■ WHAT IS REQUIRED:
Where the line with "c (s1*x1) (s2*x2)" appears below, start writing out lines exactly, and finish with the line with "Lemma eqb0_congr a", which is included; write out nothing else.
= = = = = = =
Lemma eqmodXn_coef N (a b : {poly R}) i : eqmod 'X^N a b -> (i < N)%N -> a`_i = b`_i.
Proof. by case=> h e iN; apply/eqP; rewrite -subr_eq0 -coefB e coefXnM iN. Qed.

Lemma eqmodXn_mul2l N (a p p' : {poly R}) :
  a`_0 = 1 -> eqmod 'X^N (a * p) (a * p') -> eqmod 'X^N p p'.
Proof.
move=> a0 [h e]; have /eqmodXn0P ap0 : eqmod 'X^N (a * (p - p')) 0.
  by exists h; rewrite subr0 mulrBr.
have /eqmodXn0P[h' e'] : forall i, (i < N)%N -> (p - p')`_i = 0.
  elim/ltn_ind => i IH iN; have := ap0 i iN.
  rewrite coefM big_ord_recl subn0 a0 mul1r big1 ?addr0 // => j _.
  by have ltj := ltn_ord j; rewrite IH ?mulr0 //; rewrite lift0; lia.
by exists h'; rewrite subr0 in e'.
Qed.

Lemma eqmodCXn_leq n N (a b : {poly {poly R}}) :
  (n <= N)%N -> eqmod ('X^N)%:P a b -> eqmod ('X^n)%:P a b.
Proof. by move=> nN; rewrite -(subnKC nN) exprD polyCM; apply: eqmod_mulr. Qed.

End EqModPoly.

Definition is_square (i : nat) := exists a, i = (a ^ 2)%N.

Definition sumset (P Q : nat -> Prop) (i : nat) := exists j l, i = (j + l)%N /\ P j /\ Q l.

Section Support.
Variable R : comNzRingType.
Implicit Types (P Q : nat -> Prop) (p q : {poly R}).

Definition supported P p := forall i, p`_i != 0 -> P i.

Lemma supported_mono P Q p : (forall i, P i -> Q i) -> supported P p -> supported Q p.
Proof. by move=> PQ p_P i /p_P /PQ. Qed.

Lemma supported1 P : P 0%N -> supported P 1.
Proof. by move=> P0 i; rewrite coef1; case: (i == 0)%N / eqP => [-> | _]; rewrite ?eqxx. Qed.

Lemma supportedD P p q : supported P p -> supported P q -> supported P (p + q).
Proof.
move=> p_P q_P i; rewrite coefD; have [-> | /p_P Pi _] // := eqVneq p`_i 0.
by rewrite add0r => /q_P.
Qed.

Lemma supportedN P p : supported P p -> supported P (- p).
Proof. by move=> p_P i; rewrite coefN oppr_eq0; apply: p_P. Qed.

Lemma supportedMn P p n : supported P p -> supported P (p *+ n).
Proof.
by move=> p_P i; rewrite coefMn => pn0; apply: p_P; apply: contraNneq pn0 => ->; rewrite mul0rn.
Qed.

Lemma supported_sum P (I : Type) (r : seq I) (Pr : pred I) (F : I -> {poly R}) :
  (forall i, Pr i -> supported P (F i)) -> supported P (\sum_(i <- r | Pr i) F i).
Proof.
move=> F_P; apply: big_ind => //; last exact: supportedD.
by move=> i; rewrite coef0 eqxx.
Qed.

Lemma supportedM P Q p q : supported P p -> supported Q q -> supported (sumset P Q) (p * q).
Proof.
move=> p_P q_Q i; rewrite coefM.
have [/existsP[j pq_j] _ | /existsPn pq0] := boolP [exists j : 'I_i.+1, p`_j * q`_(i - j) != 0].
  exists j, (i - j)%N; split; first by rewrite subnKC // -ltnS.
  by split; [apply: p_P | apply: q_Q]; apply: contraNneq pq_j => ->; rewrite ?mul0r ?mulr0.
by rewrite big1 ?eqxx // => j _; apply/eqP; rewrite -[_ == 0]negbK pq0.
Qed.

Lemma supportedCXn P (c : R) k : P k -> supported P (c%:P * 'X^k).
Proof.
by move=> Pk i; rewrite coefCM coefXn; case: (i == k) / eqP => [-> | _]; rewrite ?mulr0 ?eqxx.
Qed.

End Support.

Lemma sqr_mod8 a : (a ^ 2 %% 8 \in [:: 0; 1; 4])%N.
Proof.
rewrite -modnXm; have : (a %% 8 < 8)%N by rewrite ltn_pmod.
by move: (a %% 8)%N => r; do 8? case: r => [|r] //.
Qed.

Lemma sqr_mod9 a : (a ^ 2 %% 9 \in [:: 0; 1; 4; 7])%N.
Proof.
rewrite -modnXm; have : (a %% 9 < 9)%N by rewrite ltn_pmod.
by move: (a %% 9)%N => r; do 9? case: r => [|r] //.
Qed.

Lemma sum_two_squares_mod8 i :
  sumset is_square is_square i -> (i %% 8 \notin [:: 3; 6; 7])%N.
Proof.
case=> _ [_ [-> [[a ->] [b ->]]]]; rewrite -modnDm.
by move: (sqr_mod8 a) (sqr_mod8 b); rewrite !inE => /or3P[]/eqP-> /or3P[]/eqP->.
Qed.

Lemma sum_two_squares_mod9 i :
  sumset is_square is_square i -> (i %% 9 \notin [:: 3; 6])%N.
Proof.
case=> _ [_ [-> [[a ->] [b ->]]]]; rewrite -modnDm.
by move: (sqr_mod9 a) (sqr_mod9 b); rewrite !inE => /or4P[]/eqP-> /or4P[]/eqP->.
Qed.

Lemma sum_three_squares_mod8 i :
  sumset is_square (sumset is_square is_square) i -> (i %% 8 != 7)%N.
Proof.
case=> _ [_ [-> [[a ->] [_ [_ [-> [[b ->] [c ->]]]]]]]]; rewrite -modnDm -(modnDm (b ^ 2)).
move: (sqr_mod8 a) (sqr_mod8 b) (sqr_mod8 c); rewrite !inE.
by move=> /or3P[]/eqP-> /or3P[]/eqP-> /or3P[]/eqP->.
Qed.

Lemma inv_pair_m2 j : Defs.inv_pair (-2) j = (j.+1%:R, j.+2%:R).
Proof.
elim: j => [|j IH]; first by rewrite /= opprK.
by rewrite /= IH -[j.+3]addn1 -[j.+2]addn1 !natrD; congr pair; ring.
Qed.

Lemma exprXn_split (R : nzRingType) n k N :
  (N <= n * k)%N -> ('X^n ^+ k : {poly R}) = 'X^N * 'X^(n * k - N).
Proof. by move=> Nnk; rewrite -exprM -exprD subnKC. Qed.

Lemma term_trunc_m2E n M :
  term_trunc (-2) n M = \sum_(j < M.+1) j.+1%:R * 'X^n ^+ j.+1.
Proof.
apply: eq_bigr => j _.
by rewrite /inv_coef inv_pair_m2 -exprM mulnC scaler_nat mulr_natl.
Qed.

Lemma sub1_sqr_mul_sum_nat (R : comNzRingType) (z : R) m :
  (1 - z) ^+ 2 * \sum_(j < m) j.+1%:R * z ^+ j.+1
  = z - m.+1%:R * z ^+ m.+1 + m%:R * z ^+ m.+2.
Proof.
elim: m => [|m IH]; first by rewrite big_ord0 mulr0 mul1r expr1 mul0r addr0 subrr.
by rewrite big_ord_recr mulrDr IH /= !exprSr -[m.+2]addn1 -[m.+1]addn1 !natrD; ring.
Qed.

Lemma term_trunc_m2_eqmod M n : (0 < n)%N ->
  eqmod 'X^(M.+1) ((1 - 'X^n) ^+ 2 * term_trunc (-2) n M) 'X^n.
Proof.
move=> n_gt0; rewrite term_trunc_m2E sub1_sqr_mul_sum_nat [_ ^+ M.+3]exprS.
rewrite (@exprXn_split _ n M.+2 M.+1); last by nia.
by exists ('X^(n * M.+2 - M.+1) * (M.+1%:R * 'X^n - M.+2%:R)); ring.
Qed.
(* A sign change preserving [P] and reversing the sign of [c] pairs the points
   of [P] with [c > 0] with those with [c < 0]. *)
Lemma count7_half K (P : P7) (c : F7 Z) :
  (forall x1 x2 x3 x4 x5 x6 x7,
     P (s1*x1) (s2*x2) (s3*x3) (s4*x4) (s5*x5) (s6*x6) (s7*x7) = P x1 x2 x3 x4 x5 x6 x7) ->
  (forall x1 x2 x3 x4 x5 x6 x7,
     c (s1*x1) (s2*x2) (s3*x3) (s4*x4) (s5*x5) (s6*x6) (s7*x7) = - c x1 x2 x3 x4 x5 x6 x7) ->
  (forall x1 x2 x3 x4 x5 x6 x7,
     P x1 x2 x3 x4 x5 x6 x7 = true -> c x1 x2 x3 x4 x5 x6 x7 <> 0) ->
  count7 K P =
  (2 * count7 K (fun x1 x2 x3 x4 x5 x6 x7 =>
                   P x1 x2 x3 x4 x5 x6 x7 && (0 <? c x1 x2 x3 x4 x5 x6 x7)%Z))%nat.
Proof.
  intros HP Hc Hnz.
  rewrite (count7_split K P (fun x1 x2 x3 x4 x5 x6 x7 => 0 <? c x1 x2 x3 x4 x5 x6 x7)).
  enough (count7 K (fun x1 x2 x3 x4 x5 x6 x7 =>
                      P x1 x2 x3 x4 x5 x6 x7 && negb (0 <? c x1 x2 x3 x4 x5 x6 x7))
          = count7 K (fun x1 x2 x3 x4 x5 x6 x7 =>
                        P x1 x2 x3 x4 x5 x6 x7 && (0 <? c x1 x2 x3 x4 x5 x6 x7))) by lia.
  apply count7_sign. intros. rewrite HP, Hc.
  specialize (Hnz x1 x2 x3 x4 x5 x6 x7).
  destruct (P x1 x2 x3 x4 x5 x6 x7); [|reflexivity]. simpl.
  specialize (Hnz eq_refl).
  destruct (Z.ltb_spec 0 (- c x1 x2 x3 x4 x5 x6 x7)),
           (Z.ltb_spec 0 (c x1 x2 x3 x4 x5 x6 x7)); auto; lia.
Qed.

End SignChange.

Lemma sign_1 : sign 1. Proof. now left. Qed.
Lemma sign_m1 : sign (-1). Proof. now right. Qed.
Lemma mul_m1_l x : -1 * x = - x. Proof. ring. Qed.

Lemma gcd_sign_l s a b : sign s -> Z.gcd (s * a) b = Z.gcd a b.
Proof. intros [-> | ->]; [now rewrite Z.mul_1_l | now rewrite mul_m1_l, Z.gcd_opp_l]. Qed.

Lemma gcd_sign_r s a b : sign s -> Z.gcd a (s * b) = Z.gcd a b.
Proof. intros Hs. rewrite Z.gcd_comm, gcd_sign_l, Z.gcd_comm; auto. Qed.

Lemma primitive7_sign s1 s2 s3 s4 s5 s6 s7 x1 x2 x3 x4 x5 x6 x7 :
  sign s1 -> sign s2 -> sign s3 -> sign s4 -> sign s5 -> sign s6 -> sign s7 ->
  primitive7 (s1*x1) (s2*x2) (s3*x3) (s4*x4) (s5*x5) (s6*x6) (s7*x7)
  = primitive7 x1 x2 x3 x4 x5 x6 x7.
Proof. intros. unfold primitive7. now rewrite !gcd_sign_l, gcd_sign_r. Qed.

Lemma eqb0_congr a b : a = b \/ a = - b -> (a =? 0) = (b =? 0).
Proof. intros [-> | ->]; destruct (Z.eqb_spec (- b) 0), (Z.eqb_spec b 0); lia. Qed.

Lemma eqb0_sign s x : sign s -> (s * x =? 0) = (x =? 0).
Proof. intros [-> | ->]; apply eqb0_congr; [left | right]; ring. Qed.

Ltac eqb0_congr_all :=
  repeat (match goal with |- (_ && _) = (_ && _) => f_equal end);
  apply eqb0_congr; first [left; ring | right; ring].

Lemma on_S_opp x1 x2 x3 x4 x5 x6 x7 :
  on_S (-x1) (-x2) (-x3) (-x4) (-x5) (-x6) (-x7) = on_S x1 x2 x3 x4 x5 x6 x7.
Proof. unfold on_S. eqb0_congr_all. Qed.

Lemma on_S_opp357 x1 x2 x3 x4 x5 x6 x7 :
  on_S x1 x2 (-x3) x4 (-x5) x6 (-x7) = on_S x1 x2 x3 x4 x5 x6 x7.
Proof. unfold on_S. eqb0_congr_all. Qed.

Lemma eqs_M_opp157 x1 x2 x3 x4 x5 x6 x7 :
  eqs_M (-x1) x2 x3 x4 (-x5) x6 (-x7) = on_S x1 x2 x3 x4 x5 x6 x7.
Proof. unfold on_S, eqs_M. eqb0_congr_all. Qed.

Lemma on_S_spec x1 x2 x3 x4 x5 x6 x7 : on_S x1 x2 x3 x4 x5 x6 x7 = true ->
  x1^2 = x2*x4 /\ x1*x5 = x3*x4 /\ x1*x3 = x2*x5 /\
  x1*x6 = x3*x5 /\ x2*x6 = x3^2 /\ x4*x6 = x5^2 /\
  x1^2 + x1*x4 + x5*x7 = 0 /\ x1*x2 + x1^2 + x3*x7 = 0 /\ x1*x3 + x1*x5 + x6*x7 = 0.
Proof. unfold on_S. rewrite !andb_true_iff, !Z.eqb_eq. lia. Qed.

Definition nonzero6 (x1 x2 x3 x4 x5 x6 : Z) : bool :=
  negb (x1 =? 0) && negb (x2 =? 0) && negb (x3 =? 0) &&
  negb (x4 =? 0) && negb (x5 =? 0) && negb (x6 =? 0).

Lemma nonzero6_sign s1 s2 s3 s4 s5 s6 x1 x2 x3 x4 x5 x6 :
  sign s1 -> sign s2 -> sign s3 -> sign s4 -> sign s5 -> sign s6 ->
  nonzero6 (s1*x1) (s2*x2) (s3*x3) (s4*x4) (s5*x5) (s6*x6) = nonzero6 x1 x2 x3 x4 x5 x6.
Proof. intros. unfold nonzero6. now rewrite !eqb0_sign. Qed.

Definition N_U_pred : P7 := fun x1 x2 x3 x4 x5 x6 x7 =>
  primitive7 x1 x2 x3 x4 x5 x6 x7 &&
  first_nonzero_pos [x1; x2; x3; x4; x5; x6; x7] &&
  on_S x1 x2 x3 x4 x5 x6 x7 &&
  negb (on_lines x1 x2 x3 x4 x5 x6 x7).

Definition M_pred : P7 := fun x1 x2 x3 x4 x5 x6 x7 =>
  eqs_M x1 x2 x3 x4 x5 x6 x7 &&
  primitive7 x1 x2 x3 x4 x5 x6 x7 &&
  negb (x1 =? 0) && (0 <? x2) && (0 <? x3) && (0 <? x4) &&
  negb (x5 =? 0) && (0 <? x6).

Definition generic : P7 := fun x1 x2 x3 x4 x5 x6 x7 =>
  primitive7 x1 x2 x3 x4 x5 x6 x7 && on_S x1 x2 x3 x4 x5 x6 x7 &&
  nonzero6 x1 x2 x3 x4 x5 x6.

Definition exceptional : P7 := fun x1 x2 x3 x4 x5 x6 x7 =>
  N_U_pred x1 x2 x3 x4 x5 x6 x7 && negb (nonzero6 x1 x2 x3 x4 x5 x6).

Lemma generic_opp x1 x2 x3 x4 x5 x6 x7 :
  generic (-1*x1) (-1*x2) (-1*x3) (-1*x4) (-1*x5) (-1*x6) (-1*x7)
  = generic x1 x2 x3 x4 x5 x6 x7.
Proof.
  unfold generic. rewrite primitive7_sign, nonzero6_sign by apply sign_m1.
  now rewrite !mul_m1_l, on_S_opp.
Qed.

Lemma generic_opp357 x1 x2 x3 x4 x5 x6 x7 :
  generic (1*x1) (1*x2) (-1*x3) (1*x4) (-1*x5) (1*x6) (-1*x7)
  = generic x1 x2 x3 x4 x5 x6 x7.
Proof.
  unfold generic.
  rewrite primitive7_sign, nonzero6_sign by (apply sign_1 || apply sign_m1).
  now rewrite !mul_m1_l, !Z.mul_1_l, on_S_opp357.
Qed.

Lemma count_generic_half K (c : F7 Z) :
  (forall x1 x2 x3 x4 x5 x6 x7,
     c (-1*x1) (-1*x2) (-1*x3) (-1*x4) (-1*x5) (-1*x6) (-1*x7) = - c x1 x2 x3 x4 x5 x6 x7) ->
  (forall x1 x2 x3 x4 x5 x6 x7,
     generic x1 x2 x3 x4 x5 x6 x7 = true -> c x1 x2 x3 x4 x5 x6 x7 <> 0) ->
  count7 K generic =
  (2 * count7 K (fun x1 x2 x3 x4 x5 x6 x7 =>
                   generic x1 x2 x3 x4 x5 x6 x7 && (0 <? c x1 x2 x3 x4 x5 x6 x7)%Z))%nat.
Proof. apply count7_half; try apply sign_m1. apply generic_opp. Qed.

Lemma generic_nonzero x1 x2 x3 x4 x5 x6 x7 : generic x1 x2 x3 x4 x5 x6 x7 = true ->
  x1 <> 0 /\ x2 <> 0 /\ x3 <> 0 /\ x4 <> 0 /\ x5 <> 0 /\ x6 <> 0.
Proof. unfold generic, nonzero6. rewrite !andb_true_iff, !negb_true_iff, !Z.eqb_neq. tauto. Qed.

Lemma count_generic_x1_pos K :
  count7 K (fun x1 x2 x3 x4 x5 x6 x7 => generic x1 x2 x3 x4 x5 x6 x7 && (0 <? x1))
  = (2 * count7 K (fun x1 x2 x3 x4 x5 x6 x7 =>
                     generic x1 x2 x3 x4 x5 x6 x7 && (0 <? x2)%Z && (0 <? x3)%Z))%nat.
Proof.
  set (pos2 := fun x1 x2 x3 x4 x5 x6 x7 => generic x1 x2 x3 x4 x5 x6 x7 && (0 <? x2)).
  assert (by_x1 := count_generic_half K (fun x1 _ _ _ _ _ _ => x1)).
  assert (by_x2 := count_generic_half K (fun _ x2 _ _ _ _ _ => x2)).
  assert (by_x3 := count7_half 1 1 (-1) 1 (-1) 1 (-1) sign_1 sign_1 sign_m1 sign_1 sign_m1
    sign_1 sign_m1 K pos2 (fun _ _ x3 _ _ _ _ => x3)).
  cbv beta in by_x1, by_x2, by_x3.
  enough (count7 K generic = 2 * count7 K (fun x1 x2 x3 x4 x5 x6 x7 =>
            generic x1 x2 x3 x4 x5 x6 x7 && (0 <? x1)%Z)
          /\ count7 K generic = 2 * count7 K pos2
          /\ count7 K pos2 = 2 * count7 K (fun x1 x2 x3 x4 x5 x6 x7 =>
               pos2 x1 x2 x3 x4 x5 x6 x7 && (0 <? x3)%Z))%nat by (unfold pos2 in *; lia).
  split; [|split].
  - apply by_x1; [intros; ring | intros * Hg; now apply generic_nonzero in Hg].
  - apply by_x2; [intros; ring | intros * Hg; now apply generic_nonzero in Hg].
  - apply by_x3; unfold pos2.
    + intros. rewrite generic_opp357. now rewrite Z.mul_1_l.
    + intros; ring.
    + intros * Hg. apply andb_prop in Hg as [Hg _]. now apply generic_nonzero in Hg.
Qed.

Lemma N_U_pred_nonzero x1 x2 x3 x4 x5 x6 x7 :
  N_U_pred x1 x2 x3 x4 x5 x6 x7 && nonzero6 x1 x2 x3 x4 x5 x6
  = generic x1 x2 x3 x4 x5 x6 x7 && (0 <? x1).
Proof.
  unfold N_U_pred, generic, nonzero6, on_lines, first_nonzero_pos.
  destruct (Z.eqb_spec x1 0), (Z.eqb_spec x3 0); simpl; btauto.
Qed.

Lemma M_pred_opp157 x1 x2 x3 x4 x5 x6 x7 :
  M_pred (-1*x1) (1*x2) (1*x3) (1*x4) (-1*x5) (1*x6) (-1*x7)
  = generic x1 x2 x3 x4 x5 x6 x7 && (0 <? x2) && (0 <? x3).
Proof.
  unfold M_pred, generic, nonzero6.
  rewrite primitive7_sign, !eqb0_sign by (apply sign_1 || apply sign_m1).
  rewrite !mul_m1_l, !Z.mul_1_l, eqs_M_opp157.
  destruct (on_S x1 x2 x3 x4 x5 x6 x7) eqn:HS; [|btauto].
  apply on_S_spec in HS as (_ & _ & _ & _ & E26 & E46 & _).
  destruct (Z.ltb_spec 0 x2), (Z.ltb_spec 0 x3); [|btauto..].
  assert (0 < x6) by nia.
  destruct (Z.ltb_spec 0 x6), (Z.ltb_spec 0 x4), (Z.eqb_spec x2 0), (Z.eqb_spec x3 0),
    (Z.eqb_spec x4 0), (Z.eqb_spec x5 0), (Z.eqb_spec x6 0); try (exfalso; nia); btauto.
Qed.

Lemma count7_N_U_decomposition K :
  count7 K N_U_pred = (2 * count7 K M_pred + count7 K exceptional)%nat.
Proof.
  rewrite (count7_split K N_U_pred (fun x1 x2 x3 x4 x5 x6 _ => nonzero6 x1 x2 x3 x4 x5 x6)).
  rewrite (count7_ext K _ _ N_U_pred_nonzero), count_generic_x1_pos.
  rewrite (count7_sign (-1) 1 1 1 (-1) 1 (-1) sign_m1 sign_1 sign_1 sign_1 sign_m1 sign_1
             sign_m1 K M_pred _ M_pred_opp157).
  reflexivity.
Qed.

Lemma on_lines_false x1 x2 x3 x4 x5 x6 x7 : on_lines x1 x2 x3 x4 x5 x6 x7 = false ->
  ~ (x1 = 0 /\ x2 = 0 /\ x3 = 0 /\ x5 = 0 /\ x6 = 0) /\
  ~ (x1 = 0 /\ x3 = 0 /\ x4 = 0 /\ x5 = 0 /\ x6 = 0) /\
  ~ (x3 = 0 /\ x5 = 0 /\ x6 = 0 /\ x1 + x4 = 0 /\ x1 + x2 = 0).
Proof.
  unfold on_lines. intros H. apply not_true_iff_false in H.
  rewrite !orb_true_iff, !andb_true_iff, !Z.eqb_eq in H. tauto.
Qed.

Lemma nonzero6_false x1 x2 x3 x4 x5 x6 : nonzero6 x1 x2 x3 x4 x5 x6 = false ->
  x1 = 0 \/ x2 = 0 \/ x3 = 0 \/ x4 = 0 \/ x5 = 0 \/ x6 = 0.
Proof.
  unfold nonzero6. intros H. apply not_true_iff_false in H.
  rewrite !andb_true_iff, !negb_true_iff, !Z.eqb_neq in H. lia.
Qed.
(* Let $L$ be an ideal lattice and let $f\colon(X,\sigma)\to(X',\sigma')$ be a morphism of support data on $L$, i.e. a continuous map $f\colon X\to X'$ with $\sigma(a)=f^{-1}(\sigma'(a))$ for all compact $a\in L$. If both $(X,\sigma)$ and $(X',\sigma')$ are classifying, then $f$ is a homeomorphism.
   Context: An ideal lattice is a poset $(L,\leq)$ with an associative multiplication such that: (L1) $L$ is a complete lattice; (L2) every element is a supremum of compact elements ($a$ is compact if $a\leq\sup A$ implies $a\leq\sup A'$ for some finite $A'\subseteq A$); (L3) multiplication distributes over binary joins on both sides; (L4) $1=\sup L$ is compact and is a two-sided identity; (L5) products of compact elements are compact. Semi-prime: $bb\leq a\Rightarrow b\leq a$. A support datum on $L$ is a pair $(X,\sigma)$ with $X$ a topological space and $\sigma$ assigning to each compact $a$ a closed subset $\sigma(a)\subseteq X$ with $\sigma(a\vee b)=\sigma(a)\cup\sigma(b)$, $\sigma(1)=X$, $\sigma(ab)=\sigma(a)\cap\sigma(b)$. It is classifying if $X$ is spectral (i.e. $T_0$, quasi-compact, quasi-compact opens closed under finite intersections and forming a basis, every non-empty irreducible closed set has a generic point) and the assignments $a\mapsto\bigcup_{b\leq a,\ b\text{ compact}}\sigma(b)$ and $Y\mapsto\bigvee_{b\text{ compact},\,\sigma(b)\subseteq Y}b$ induce mutually inverse bijections between the semi-prime elements of $L$ and the subsets $Y\subseteq X$ of the form $Y=\bigcup_i Y_i$ with each $X\setminus Y_i$ quasi-compact open. *)

From HB Require Import structures.
From mathcomp Require Import all_boot all_order.
From mathcomp Require Import boolp classical_sets functions cardinality topology.

Set Implicit Arguments.
Unset Strict Implicit.
Unset Printing Implicit Defensive.

Local Open Scope classical_set_scope.

Section IdealLattice.
Variables (L : Type) (le : L -> L -> Prop) (mul : L -> L -> L)
  (sup : set L -> L).

Definition is_lub (A : set L) (s : L) :=
  (forall a, A a -> le a s) /\ (forall u, (forall a, A a -> le a u) -> le s u).

Definition ljoin (a b : L) : L := sup [set x | x = a \/ x = b].

Definition ltop : L := sup setT.

Definition lcompact (a : L) :=
  forall A : set L, le a (sup A) ->
    exists A' : set L, [/\ finite_set A', A' `<=` A & le a (sup A')].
= = = = = = =
■ RESPONSE TO THE TASK:
     c (s1*x1) (s2*x2) (s3*x3) (s4*x4) (s5*x5) (s6*x6) (s7*x7) = - c x1 x2 x3 x4 x5 x6 x7) ->
  (forall x1 x2 x3 x4 x5 x6 x7,
     P x1 x2 x3 x4 x5 x6 x7 = true -> c x1 x2 x3 x4 x5 x6 x7 <> 0) ->
  count7 K P =
  (2 * count7 K (fun x1 x2 x3 x4 x5 x6 x7 =>
                   P x1 x2 x3 x4 x5 x6 x7 && (0 <? c x1 x2 x3 x4 x5 x6 x7)%Z))%nat.
Proof.
  intros HP Hc Hnz.
  rewrite (count7_split K P (fun x1 x2 x3 x4 x5 x6 x7 => 0 <? c x1 x2 x3 x4 x5 x6 x7)).
  enough (count7 K (fun x1 x2 x3 x4 x5 x6 x7 =>
                      P x1 x2 x3 x4 x5 x6 x7 && negb (0 <? c x1 x2 x3 x4 x5 x6 x7))
          = count7 K (fun x1 x2 x3 x4 x5 x6 x7 =>
                        P x1 x2 x3 x4 x5 x6 x7 && (0 <? c x1 x2 x3 x4 x5 x6 x7))) by lia.
  apply count7_sign. intros. rewrite HP, Hc.
  specialize (Hnz x1 x2 x3 x4 x5 x6 x7).
  destruct (P x1 x2 x3 x4 x5 x6 x7); [|reflexivity]. simpl.
  specialize (Hnz eq_refl).
  destruct (Z.ltb_spec 0 (- c x1 x2 x3 x4 x5 x6 x7)),
           (Z.ltb_spec 0 (c x1 x2 x3 x4 x5 x6 x7)); auto; lia.
Qed.

End SignChange.

Lemma sign_1 : sign 1. Proof. now left. Qed.
Lemma sign_m1 : sign (-1). Proof. now right. Qed.
Lemma mul_m1_l x : -1 * x = - x. Proof. ring. Qed.

Lemma gcd_sign_l s a b : sign s -> Z.gcd (s * a) b = Z.gcd a b.
Proof. intros [-> | ->]; [now rewrite Z.mul_1_l | now rewrite mul_m1_l, Z.gcd_opp_l]. Qed.

Lemma gcd_sign_r s a b : sign s -> Z.gcd a (s * b) = Z.gcd a b.
Proof. intros Hs. rewrite Z.gcd_comm, gcd_sign_l, Z.gcd_comm; auto. Qed.

Lemma primitive7_sign s1 s2 s3 s4 s5 s6 s7 x1 x2 x3 x4 x5 x6 x7 :
  sign s1 -> sign s2 -> sign s3 -> sign s4 -> sign s5 -> sign s6 -> sign s7 ->
  primitive7 (s1*x1) (s2*x2) (s3*x3) (s4*x4) (s5*x5) (s6*x6) (s7*x7)
  = primitive7 x1 x2 x3 x4 x5 x6 x7.
Proof. intros. unfold primitive7. now rewrite !gcd_sign_l, gcd_sign_r. Qed.

Lemma eqb0_congr a b : a = b \/ a = - b -> (a =? 0) = (b =? 0).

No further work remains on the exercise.